After nearly forty years of tabletop gaming, it can get a little hard to recapture the fresh weirdness of Gygaxian fantasy.  Particularly true in this day and age when the majority of D&D creatives believe that the height of creativity is something along the lines of, “just like before, only WOMEN!” or “just like half-orcs, but half-demons/half-dragons/half-drow/half-kitchen-sink”.  So it was with some relish that a friend pointed out What Happened at Wyvern Rock.

Injecting a bit of sci-fi into your D&D campaign isn’t anything new. It goes back all the way to the beginning. Injecting a bit of Alex Jones style Fortean weirdness into your campaign, now that’s something different.

And Neven Diack provides a nice, dark addition to a D&D campaign that tickles my grognard bone with an emphasis on murkiness and uncertainty and unexplainable events.  His marriage of cross-dimensional (or cross-planar) aliens (or demons) involves a bit of book-keeping, but it is behind-the-screen book-keeping expressly designed to inject a spot of weirdness into the game.  Sure, your players might recognize the little gray men, but they don’t have forty years worth of stats and rules to fall back upon to understand how to deal with the little anal-probers.  And their characters…
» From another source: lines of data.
Lemma covers_addr_simple y k : pos_root Phi s y -> pos_root Phi s (y + s k) ->
  covers Phi s (y + s k) y.
Proof.
move=> Py Pyk; split=> //.
  by split; [apply: rle_addr_simple | move/esym/addr_simple_neq].
move=> [z [_ [yz /eqP zy] [zx /eqP zx']]].
have [] := nonneg_comb_split_simple yz zx (_ : _ = s k).
- by rewrite addrC -addrA addKr addrAC subrr add0r.
- by move/eqP; rewrite subr_eq0 eq_sym (negPf zy).
- by move/eqP; rewrite subr_eq0 eq_sym (negPf zx').
Qed.

Lemma covers_exists_simple x y : covers Phi s x y -> exists k, x = y + s k.
Proof.
move=> cov; have [[Px _] [Py ny] [yx /eqP yx_neq] _] := cov.
have xy0 : x - y != 0 by rewrite subr_eq0 eq_sym.
have [i [dot_gt0 xyi]] := nonneg_comb_dot_simple_gt0 yx xy0.
have y_xi : rle s y (x - s i) by rewrite /rle addrAC.
exists i; move: dot_gt0; rewrite dotDr dotNr subr_gt0.
have [xi_gt0 _|xi_le0 /lt_le_trans /(_ xi_le0) yi_lt0] := ltrP 0 (dot (s i) x).
  have xsi : x != s i.
    apply: contraPneq y_xi => ->; rewrite /rle subrr sub0r => /(nonneg_comb_opp_eq0 ny).
    exact/eqP/(root_neq0 HPhi).
  have Pxi : pos_root Phi s (x - s i).
    split; first by apply: root_subr; rewrite ?simple_root // dotC.
    by rewrite -(subrK y (x - s i)) addrC; apply: nonneg_combD.
  have xi_x : rle s (x - s i) x.
    by rewrite /rle opprB addrC subrK; apply: nonneg_comb_simple.
  have [<-|/eqP] := covers_between cov Pxi y_xi xi_x; first by rewrite subrK.
  by rewrite subr_eq addrC -subr_eq subrr eq_sym (negPf (simple_neq0 i)).
have Pyi : pos_root Phi s (y + s i).
  apply: pos_root_addr_simple => //; apply: root_addr; rewrite ?simple_root 1?dotC //.
  apply/eqP => yi; move: ny; rewrite yi => /(nonneg_comb_opp_eq0 (nonneg_comb_simple i)).
  exact/eqP/simple_neq0.
have yi_x : rle s (y + s i) x by rewrite /rle opprD addrA.
by have [/addr_simple_neq|<-] := covers_between cov Pyi (rle_addr_simple y i) yi_x.
Qed.
Lemma Psym_at_mixture (ls : lamT) (g : {ffun cf -> R}) : Psym_at ls g ->
  exists S alpha, convex_weights N ls S alpha /\ g = mixture S alpha (psiN N).
Proof.
move=> [[[g_ge0 g_sum1] g_sym] gM1].
have g_inv : perm_invariant g by rewrite -g_sym; exact: symmetrize_invariant.
exists emp_support, (emp_weight g); split; first split.
- exact: undup_uniq.
- move=> lam; rewrite mem_undup => /mapP [x _ ->]; split; first exact: emp_P1N.
  by apply: sumr_ge0 => y _; exact: g_ge0.
- transitivity (\sum_(lam <- emp_support) emp_weight g lam * 1).
    by apply: eq_bigr => lam _; rewrite mulr1.
  by rewrite -sum_mul_emp -[RHS]g_sum1; apply: eq_bigr => x _; rewrite mulr1.
- move=> i; rewrite -(sum_mul_emp g (fun lam => lam i)) -gM1.
  apply: (mulfI (natr_N_neq0 R N_gt0)); rewrite -(sum_mul_occ i N_gt0 g_inv) mulr_sumr.
  by apply: eq_bigr => x _; rewrite ffunE mulrCA [N%:R * _]mulrC divfK ?natr_N_neq0.
- apply/ffunP => y; rewrite (symmetric_decomp g_sym y) ffunE.
  exact: (sum_mul_emp g (fun lam => psiN N lam y)).
Qed.

End SymmetricDecomposition.

Section AffineDependence.
Variables (R : realType) (l : nat).
Local Notation lamT := {ffun 'I_l -> R}.

Definition affine_dep (S : seq lamT) (beta : lamT -> R) :=
  \sum_(lam <- S) beta lam = 0 /\ forall i, \sum_(lam <- S) beta lam * lam i = 0.
Lemma strict_case p x1 x2 y1 y2 : minproj p -> compatible_spectra x1 x2 y1 y2 ->
  strict (pdiag p x1%:C x2%:C) ->
  strict_normal_form (pdiag p x1%:C x2%:C) (pdiag p y1%:C y2%:C).
Proof.
move=> mp [hx1 hx2 _ _ cmp1 cmp2 _ _ y0 y1'] [_ [/eqP s0 /eqP n0]].
rewrite supp_pdiag_eq0 // !fmorph_eq1 in s0; rewrite npart_pdiag_eq0 // !fmorph_eq0 in n0.
have x1i : x1 \notin [:: 0; 1] by rewrite !inE negb_or; case/andP: n0 => -> _; case/andP: s0.
have x2i : x2 \notin [:: 0; 1] by rewrite !inE negb_or; case/andP: n0 => _ ->; case/andP: s0.
have y1b : y1 \in [:: 0; 1] by move: cmp1; rewrite (negPf x1i).
have y2b : y2 \in [:: 0; 1] by move: cmp2; rewrite (negPf x2i).
have [ix1 ix2] := (unit_interior hx1 x1i, unit_interior hx2 x2i).
case: (bit_pair_cases y1b y2b y0 y1') => -[-> ->]; rewrite rmorph0 rmorph1.
  by exists x1, x2, p; rewrite pdiag0r scale1r.
exists x2, x1, (1 - p); split; [done | done | exact: minproj_compl | |].
  by rewrite pdiag0l scale1r.
exact: pdiagC.
Qed.

Lemma projection_case p x1 x2 y1 y2 : minproj p -> compatible_spectra x1 x2 y1 y2 ->
  epart (pdiag p x1%:C x2%:C) = 0 ->
  projection_normal_form (pdiag p x1%:C x2%:C) (pdiag p y1%:C y2%:C).
Proof.
move=> mp [_ _ hy1 hy2 _ _ x0 x1' y0 _] /eqP.
rewrite epart_pdiag_eq0 // !realc_in01 => /andP[x1b x2b].
have sum_gt0 : 0 < y1 + y2.
  case/andP: hy1 => y1g _; case/andP: hy2 => y2g _.
  by rewrite lt0r paddr_eq0 // negb_and y0 addr_ge0.
case: (bit_pair_cases x1b x2b x0 x1') => -[-> ->]; rewrite rmorph0 rmorph1.
  exists y1, y2, p; split; [done | done | done | done |].
  by split; [rewrite pdiag0r scale1r | done].
exists y2, y1, (1 - p); rewrite addrC; split; [done | done | done | exact: minproj_compl |].
by split; [rewrite pdiag0l scale1r | exact: pdiagC].
Qed.

Lemma support_case p x1 x2 y1 y2 : minproj p -> compatible_spectra x1 x2 y1 y2 ->
  supp (pdiag p x1%:C x2%:C) <> 0 -> epart (pdiag p x1%:C x2%:C) <> 0 ->
  support_normal_form (pdiag p x1%:C x2%:C) (pdiag p y1%:C y2%:C).
Proof.
move=> mp S /eqP s0 /eqP e0.
rewrite supp_pdiag_eq0 // !fmorph_eq1 negb_and !negbK in s0.
rewrite epart_pdiag_eq0 // !realc_in01 in e0.
wlog x1E : p x1 x2 y1 y2 mp S s0 e0 / x1 = 1 => [hwlog|].
  case/orP: (s0) => /eqP xE; first exact: hwlog.
  rewrite (pdiagC p x1%:C) (pdiagC p y1%:C).
  apply: hwlog xE; [exact: minproj_compl | exact: compatible_spectraC | |].
    by rewrite orbC.
  by rewrite andbC.
case: S => _ hx2 hy1 _ _ cmp2 _ _ y0 _.
have x2i : x2 \notin [:: 0; 1] by apply: contra e0 => x2b; rewrite x1E x2b !inE eqxx orbT.
have y2b : y2 \in [:: 0; 1] by move: cmp2; rewrite (negPf x2i).
have x20 : x2 != 0 by move: x2i; rewrite !inE negb_or => /andP[].
exists x2, y1, p; split; [done | done | done |].
rewrite x1E rmorph1 pdiag1l; rewrite !inE in y2b; case/orP: y2b => /eqP ?; subst y2.
  right; rewrite rmorph0 pdiag0r; split; [done | done | by apply/eqP |].
  by move: y0; rewrite eqxx orbF => /eqP.
by left; rewrite rmorph1 pdiag1r; split; [done | done | apply/eqP].
Qed.

Lemma null_case p x1 x2 y1 y2 : minproj p -> compatible_spectra x1 x2 y1 y2 ->
  npart (pdiag p x1%:C x2%:C) <> 0 -> epart (pdiag p x1%:C x2%:C) <> 0 ->
  null_normal_form (pdiag p x1%:C x2%:C) (pdiag p y1%:C y2%:C).
Proof.
move=> mp S /eqP n0 /eqP e0.
rewrite npart_pdiag_eq0 // !fmorph_eq0 negb_and !negbK in n0.
rewrite epart_pdiag_eq0 // !realc_in01 in e0.
wlog x2E : p x1 x2 y1 y2 mp S n0 e0 / x2 = 0 => [hwlog|].
  case/orP: (n0) => /eqP xE; last exact: hwlog.
  rewrite (pdiagC p x1%:C) (pdiagC p y1%:C).
  apply: hwlog xE; [exact: minproj_compl | exact: compatible_spectraC | |].
    by rewrite orbC.
  by rewrite andbC.
case: S => hx1 _ _ hy2 cmp1 _ _ _ y0 _.
have x1i : x1 \notin [:: 0; 1] by apply: contra e0 => x1b; rewrite x2E x1b !inE eqxx.
have y1b : y1 \in [:: 0; 1] by move: cmp1; rewrite (negPf x1i).
have x10 : x1 != 0 by move: x1i; rewrite !inE negb_or => /andP[].
exists x1, y2, p; split; [done | done | done |].
rewrite x2E rmorph0 pdiag0r; rewrite !inE in y1b; case/orP: y1b => /eqP ?; subst y1.
  right; rewrite rmorph0 pdiag0l; split; [done | done | by apply/eqP |].
  by move: y0; rewrite eqxx => /eqP.
by left; rewrite rmorph1 pdiag1l; split; [done | done | apply/eqP].
Qed.

End Classification.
They’ve been hob-nobbing with, and murder-hoboing, funny lookin’ fellers for years.  What’s one more short inhuman thing after dungeons full of the creepy little blighters?  It’s just one more form of magic that wants them dead and probably has some nice loot available on board that fiery wheel in the sky.  Or, gods help them, the characters may even try to talk to the strangely sedate kobolds in the silver suits.  Either way, it’s going to be weird and unusual, and even the normal rules of magic won’t apply.

Neven does a great job providing just enough starting material in a way that leaves the mystery unresolved for everyone.  The main book includes rules for weirdness – and in fine old school fashion includes a sort of mini-game to track just how weird things have gotten.  he also includes three escalating encounters with the weirdness as well – almost adventures in their own right.  But mostly, he provides a fresh new look at the game, and an inspirational way to Keep Mystara Weird that feels almost Lovecraftian with out the modern “tentacles and jokes, yo” crutches one normally sees in this sort of product.

I haven’t read On Tattered Wings yet, nor have I received my copy of the now completed KickStart for the second issue of this ‘zine.   And if physical reviews are important, I can tell you the thick paper and heavy stock covers are pretty robust for a ‘zine, and should hold up well at the table.  The art is simple line carvings, and impressively marries the look of hoax UFO photos with dark age wood carving.  Good fun and while the ten bucks for the short read might seem steep, it’s worth it for the quality and depth of Neven’s thoughts.